Items listed in a dataset:

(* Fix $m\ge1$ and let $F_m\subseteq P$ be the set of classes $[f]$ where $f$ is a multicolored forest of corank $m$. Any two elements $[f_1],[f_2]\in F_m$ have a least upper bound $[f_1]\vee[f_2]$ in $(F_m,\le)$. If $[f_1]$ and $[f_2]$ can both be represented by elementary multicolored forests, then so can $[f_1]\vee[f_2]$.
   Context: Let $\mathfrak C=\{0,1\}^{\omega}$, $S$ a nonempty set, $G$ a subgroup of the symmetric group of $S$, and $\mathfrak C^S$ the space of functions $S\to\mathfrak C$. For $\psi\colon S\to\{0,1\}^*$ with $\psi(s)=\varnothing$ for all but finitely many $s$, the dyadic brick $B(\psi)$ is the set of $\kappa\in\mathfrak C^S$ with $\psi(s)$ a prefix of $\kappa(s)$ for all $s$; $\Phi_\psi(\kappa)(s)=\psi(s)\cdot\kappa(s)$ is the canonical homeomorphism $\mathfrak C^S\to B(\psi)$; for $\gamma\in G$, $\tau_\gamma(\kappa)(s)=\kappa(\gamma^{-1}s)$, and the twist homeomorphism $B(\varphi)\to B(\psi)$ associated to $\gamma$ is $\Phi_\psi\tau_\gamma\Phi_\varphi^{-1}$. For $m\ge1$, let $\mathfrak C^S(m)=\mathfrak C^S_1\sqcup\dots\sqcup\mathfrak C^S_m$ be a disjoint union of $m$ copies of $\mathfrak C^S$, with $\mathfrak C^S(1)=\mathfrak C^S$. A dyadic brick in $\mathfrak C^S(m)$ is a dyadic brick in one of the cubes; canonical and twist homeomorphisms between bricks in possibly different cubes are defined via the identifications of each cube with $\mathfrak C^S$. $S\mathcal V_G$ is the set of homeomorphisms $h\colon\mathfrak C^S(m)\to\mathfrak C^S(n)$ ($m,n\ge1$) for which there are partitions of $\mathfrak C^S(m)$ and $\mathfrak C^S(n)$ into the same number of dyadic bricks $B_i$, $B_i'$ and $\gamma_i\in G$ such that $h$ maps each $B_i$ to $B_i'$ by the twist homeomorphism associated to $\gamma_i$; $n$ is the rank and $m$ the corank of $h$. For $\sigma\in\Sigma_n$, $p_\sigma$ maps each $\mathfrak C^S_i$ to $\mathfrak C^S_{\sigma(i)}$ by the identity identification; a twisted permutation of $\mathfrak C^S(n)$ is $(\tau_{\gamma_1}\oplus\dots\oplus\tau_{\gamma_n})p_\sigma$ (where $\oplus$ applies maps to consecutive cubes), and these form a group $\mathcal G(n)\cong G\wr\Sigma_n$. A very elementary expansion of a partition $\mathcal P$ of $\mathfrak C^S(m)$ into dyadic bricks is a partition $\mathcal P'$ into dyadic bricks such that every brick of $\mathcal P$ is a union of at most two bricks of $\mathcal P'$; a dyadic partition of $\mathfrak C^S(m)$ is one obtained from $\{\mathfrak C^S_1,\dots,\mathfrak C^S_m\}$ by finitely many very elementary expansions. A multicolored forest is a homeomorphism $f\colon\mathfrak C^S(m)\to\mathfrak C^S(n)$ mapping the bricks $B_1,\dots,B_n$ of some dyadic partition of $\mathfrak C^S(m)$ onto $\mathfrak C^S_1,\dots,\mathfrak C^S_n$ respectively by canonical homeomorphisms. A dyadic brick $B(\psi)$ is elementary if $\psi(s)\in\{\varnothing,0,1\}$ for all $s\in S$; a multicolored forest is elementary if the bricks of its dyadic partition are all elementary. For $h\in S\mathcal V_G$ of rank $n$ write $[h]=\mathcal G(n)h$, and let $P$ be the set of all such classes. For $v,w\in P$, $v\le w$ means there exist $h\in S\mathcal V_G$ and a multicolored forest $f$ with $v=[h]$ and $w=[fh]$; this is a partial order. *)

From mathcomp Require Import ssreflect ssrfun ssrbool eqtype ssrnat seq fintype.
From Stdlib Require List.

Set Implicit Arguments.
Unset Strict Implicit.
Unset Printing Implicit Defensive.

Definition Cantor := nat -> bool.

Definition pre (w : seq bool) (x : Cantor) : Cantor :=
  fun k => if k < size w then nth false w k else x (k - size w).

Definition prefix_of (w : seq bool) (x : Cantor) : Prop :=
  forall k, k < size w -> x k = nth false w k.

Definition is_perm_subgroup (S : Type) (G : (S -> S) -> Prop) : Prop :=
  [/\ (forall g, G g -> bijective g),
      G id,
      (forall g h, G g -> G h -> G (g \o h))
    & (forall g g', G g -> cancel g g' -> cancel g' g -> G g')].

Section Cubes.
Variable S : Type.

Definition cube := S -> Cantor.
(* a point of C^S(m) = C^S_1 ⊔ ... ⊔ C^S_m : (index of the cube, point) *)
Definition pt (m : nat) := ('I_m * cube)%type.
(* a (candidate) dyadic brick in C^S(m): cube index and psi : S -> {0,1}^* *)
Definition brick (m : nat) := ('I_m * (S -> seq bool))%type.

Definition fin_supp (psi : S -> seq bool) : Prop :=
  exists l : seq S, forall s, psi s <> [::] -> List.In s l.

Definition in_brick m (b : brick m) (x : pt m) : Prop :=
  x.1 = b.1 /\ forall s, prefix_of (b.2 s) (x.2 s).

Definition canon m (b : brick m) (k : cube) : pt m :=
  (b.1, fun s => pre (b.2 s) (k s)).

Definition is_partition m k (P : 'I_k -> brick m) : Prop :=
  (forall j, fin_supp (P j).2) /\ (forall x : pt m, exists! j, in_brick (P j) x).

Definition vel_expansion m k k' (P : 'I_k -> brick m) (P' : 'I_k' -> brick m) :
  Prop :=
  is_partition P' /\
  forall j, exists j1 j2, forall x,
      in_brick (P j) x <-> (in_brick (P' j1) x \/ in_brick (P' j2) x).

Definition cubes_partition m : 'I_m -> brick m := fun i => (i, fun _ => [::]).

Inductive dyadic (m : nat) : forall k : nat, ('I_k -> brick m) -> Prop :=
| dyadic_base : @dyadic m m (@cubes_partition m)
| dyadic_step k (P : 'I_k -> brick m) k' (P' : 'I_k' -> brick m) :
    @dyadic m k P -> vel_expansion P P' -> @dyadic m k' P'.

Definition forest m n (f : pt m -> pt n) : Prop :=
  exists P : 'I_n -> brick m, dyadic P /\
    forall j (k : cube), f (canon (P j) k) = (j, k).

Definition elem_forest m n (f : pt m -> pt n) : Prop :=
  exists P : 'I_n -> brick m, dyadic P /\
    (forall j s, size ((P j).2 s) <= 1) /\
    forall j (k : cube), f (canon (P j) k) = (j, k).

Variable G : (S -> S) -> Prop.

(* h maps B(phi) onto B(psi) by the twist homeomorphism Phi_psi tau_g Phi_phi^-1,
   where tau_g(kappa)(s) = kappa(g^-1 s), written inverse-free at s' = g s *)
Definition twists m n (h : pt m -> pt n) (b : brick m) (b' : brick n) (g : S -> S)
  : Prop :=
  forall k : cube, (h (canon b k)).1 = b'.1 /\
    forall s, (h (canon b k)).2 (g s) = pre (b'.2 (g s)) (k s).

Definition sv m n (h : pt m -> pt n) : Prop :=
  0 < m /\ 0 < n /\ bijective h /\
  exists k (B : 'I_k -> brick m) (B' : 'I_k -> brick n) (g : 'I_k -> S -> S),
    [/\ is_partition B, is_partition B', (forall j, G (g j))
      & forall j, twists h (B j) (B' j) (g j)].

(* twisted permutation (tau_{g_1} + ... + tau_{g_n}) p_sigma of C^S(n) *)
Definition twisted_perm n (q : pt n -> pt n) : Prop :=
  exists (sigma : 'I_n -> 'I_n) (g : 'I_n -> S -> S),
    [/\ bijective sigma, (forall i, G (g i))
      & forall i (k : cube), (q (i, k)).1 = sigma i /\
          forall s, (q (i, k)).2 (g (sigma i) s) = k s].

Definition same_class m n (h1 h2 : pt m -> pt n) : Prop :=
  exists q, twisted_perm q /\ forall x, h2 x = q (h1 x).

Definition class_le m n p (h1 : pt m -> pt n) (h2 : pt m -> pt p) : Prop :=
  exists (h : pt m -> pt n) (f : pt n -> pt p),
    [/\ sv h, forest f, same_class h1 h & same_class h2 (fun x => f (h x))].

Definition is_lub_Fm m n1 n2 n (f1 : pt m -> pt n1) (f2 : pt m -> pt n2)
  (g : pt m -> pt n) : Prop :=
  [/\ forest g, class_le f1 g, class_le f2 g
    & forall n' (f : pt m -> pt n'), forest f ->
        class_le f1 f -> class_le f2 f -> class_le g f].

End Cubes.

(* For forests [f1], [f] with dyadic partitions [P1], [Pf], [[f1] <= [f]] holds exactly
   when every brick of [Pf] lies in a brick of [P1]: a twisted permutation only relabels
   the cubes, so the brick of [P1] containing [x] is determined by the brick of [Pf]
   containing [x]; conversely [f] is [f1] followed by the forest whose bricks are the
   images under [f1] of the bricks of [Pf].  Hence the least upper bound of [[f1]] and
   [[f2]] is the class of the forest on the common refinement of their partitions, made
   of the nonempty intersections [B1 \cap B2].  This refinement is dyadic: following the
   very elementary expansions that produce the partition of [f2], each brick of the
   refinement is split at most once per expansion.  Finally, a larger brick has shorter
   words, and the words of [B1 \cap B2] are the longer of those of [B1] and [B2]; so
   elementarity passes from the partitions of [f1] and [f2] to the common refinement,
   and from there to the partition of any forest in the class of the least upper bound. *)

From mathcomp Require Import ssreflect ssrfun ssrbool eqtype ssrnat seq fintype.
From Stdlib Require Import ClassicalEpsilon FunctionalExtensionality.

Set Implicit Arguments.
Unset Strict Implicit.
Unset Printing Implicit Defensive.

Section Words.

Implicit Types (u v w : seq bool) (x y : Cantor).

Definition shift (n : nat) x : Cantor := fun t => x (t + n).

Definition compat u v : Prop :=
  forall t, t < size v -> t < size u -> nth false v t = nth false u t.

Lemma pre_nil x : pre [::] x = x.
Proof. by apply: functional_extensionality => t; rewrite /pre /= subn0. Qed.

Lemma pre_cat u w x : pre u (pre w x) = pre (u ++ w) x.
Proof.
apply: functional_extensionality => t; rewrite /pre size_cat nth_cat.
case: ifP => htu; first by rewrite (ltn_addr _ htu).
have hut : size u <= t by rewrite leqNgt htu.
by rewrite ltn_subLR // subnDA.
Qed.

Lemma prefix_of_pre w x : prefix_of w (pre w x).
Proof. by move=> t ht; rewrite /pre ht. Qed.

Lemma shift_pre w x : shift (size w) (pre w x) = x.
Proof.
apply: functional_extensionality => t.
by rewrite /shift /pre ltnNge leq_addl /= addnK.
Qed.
---
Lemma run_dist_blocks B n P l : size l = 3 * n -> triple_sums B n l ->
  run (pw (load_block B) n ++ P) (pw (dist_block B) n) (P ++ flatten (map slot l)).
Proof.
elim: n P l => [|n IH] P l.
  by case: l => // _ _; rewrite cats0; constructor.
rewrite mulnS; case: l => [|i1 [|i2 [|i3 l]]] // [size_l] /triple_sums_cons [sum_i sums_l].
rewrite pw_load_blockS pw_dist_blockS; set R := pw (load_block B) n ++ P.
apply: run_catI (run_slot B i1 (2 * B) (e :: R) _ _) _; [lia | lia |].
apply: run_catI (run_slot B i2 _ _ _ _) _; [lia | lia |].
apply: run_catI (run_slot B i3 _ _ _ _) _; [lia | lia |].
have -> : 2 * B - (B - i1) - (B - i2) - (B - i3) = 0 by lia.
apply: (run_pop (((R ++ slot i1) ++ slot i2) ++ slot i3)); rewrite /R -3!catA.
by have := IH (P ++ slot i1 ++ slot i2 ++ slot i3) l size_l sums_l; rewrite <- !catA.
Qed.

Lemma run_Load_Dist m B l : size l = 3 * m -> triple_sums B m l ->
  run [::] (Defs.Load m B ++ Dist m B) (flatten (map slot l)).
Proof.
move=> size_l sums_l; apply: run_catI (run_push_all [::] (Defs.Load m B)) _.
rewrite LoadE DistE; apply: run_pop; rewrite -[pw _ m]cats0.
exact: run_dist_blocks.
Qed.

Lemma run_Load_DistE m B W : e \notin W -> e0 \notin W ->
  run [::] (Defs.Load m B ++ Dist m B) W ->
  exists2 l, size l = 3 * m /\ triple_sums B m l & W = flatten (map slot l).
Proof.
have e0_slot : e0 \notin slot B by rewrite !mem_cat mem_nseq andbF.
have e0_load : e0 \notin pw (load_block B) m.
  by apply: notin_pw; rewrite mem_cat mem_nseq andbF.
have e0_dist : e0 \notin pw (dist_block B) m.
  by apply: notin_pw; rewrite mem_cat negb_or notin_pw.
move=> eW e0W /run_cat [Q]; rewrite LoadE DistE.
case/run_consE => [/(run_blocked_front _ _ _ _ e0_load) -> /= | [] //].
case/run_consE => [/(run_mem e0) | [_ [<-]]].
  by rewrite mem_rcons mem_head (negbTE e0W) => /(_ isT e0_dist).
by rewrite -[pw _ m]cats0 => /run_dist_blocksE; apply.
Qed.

__Exercise description__. For each line above that includes "bound", make a copy.

__Exercise output__.
(* Fix $m\ge1$ and let $F_m\subseteq P$ be the set of classes $[f]$ where $f$ is a multicolored forest of corank $m$. Any two elements $[f_1],[f_2]\in F_m$ have a least upper bound $[f_1]\vee[f_2]$ in $(F_m,\le)$. If $[f_1]$ and $[f_2]$ can both be represented by elementary multicolored forests, then so can $[f_1]\vee[f_2]$.
   images under [f1] of the bricks of [Pf].  Hence the least upper bound of [[f1]] and
   and from there to the partition of any forest in the class of the least upper bound. *)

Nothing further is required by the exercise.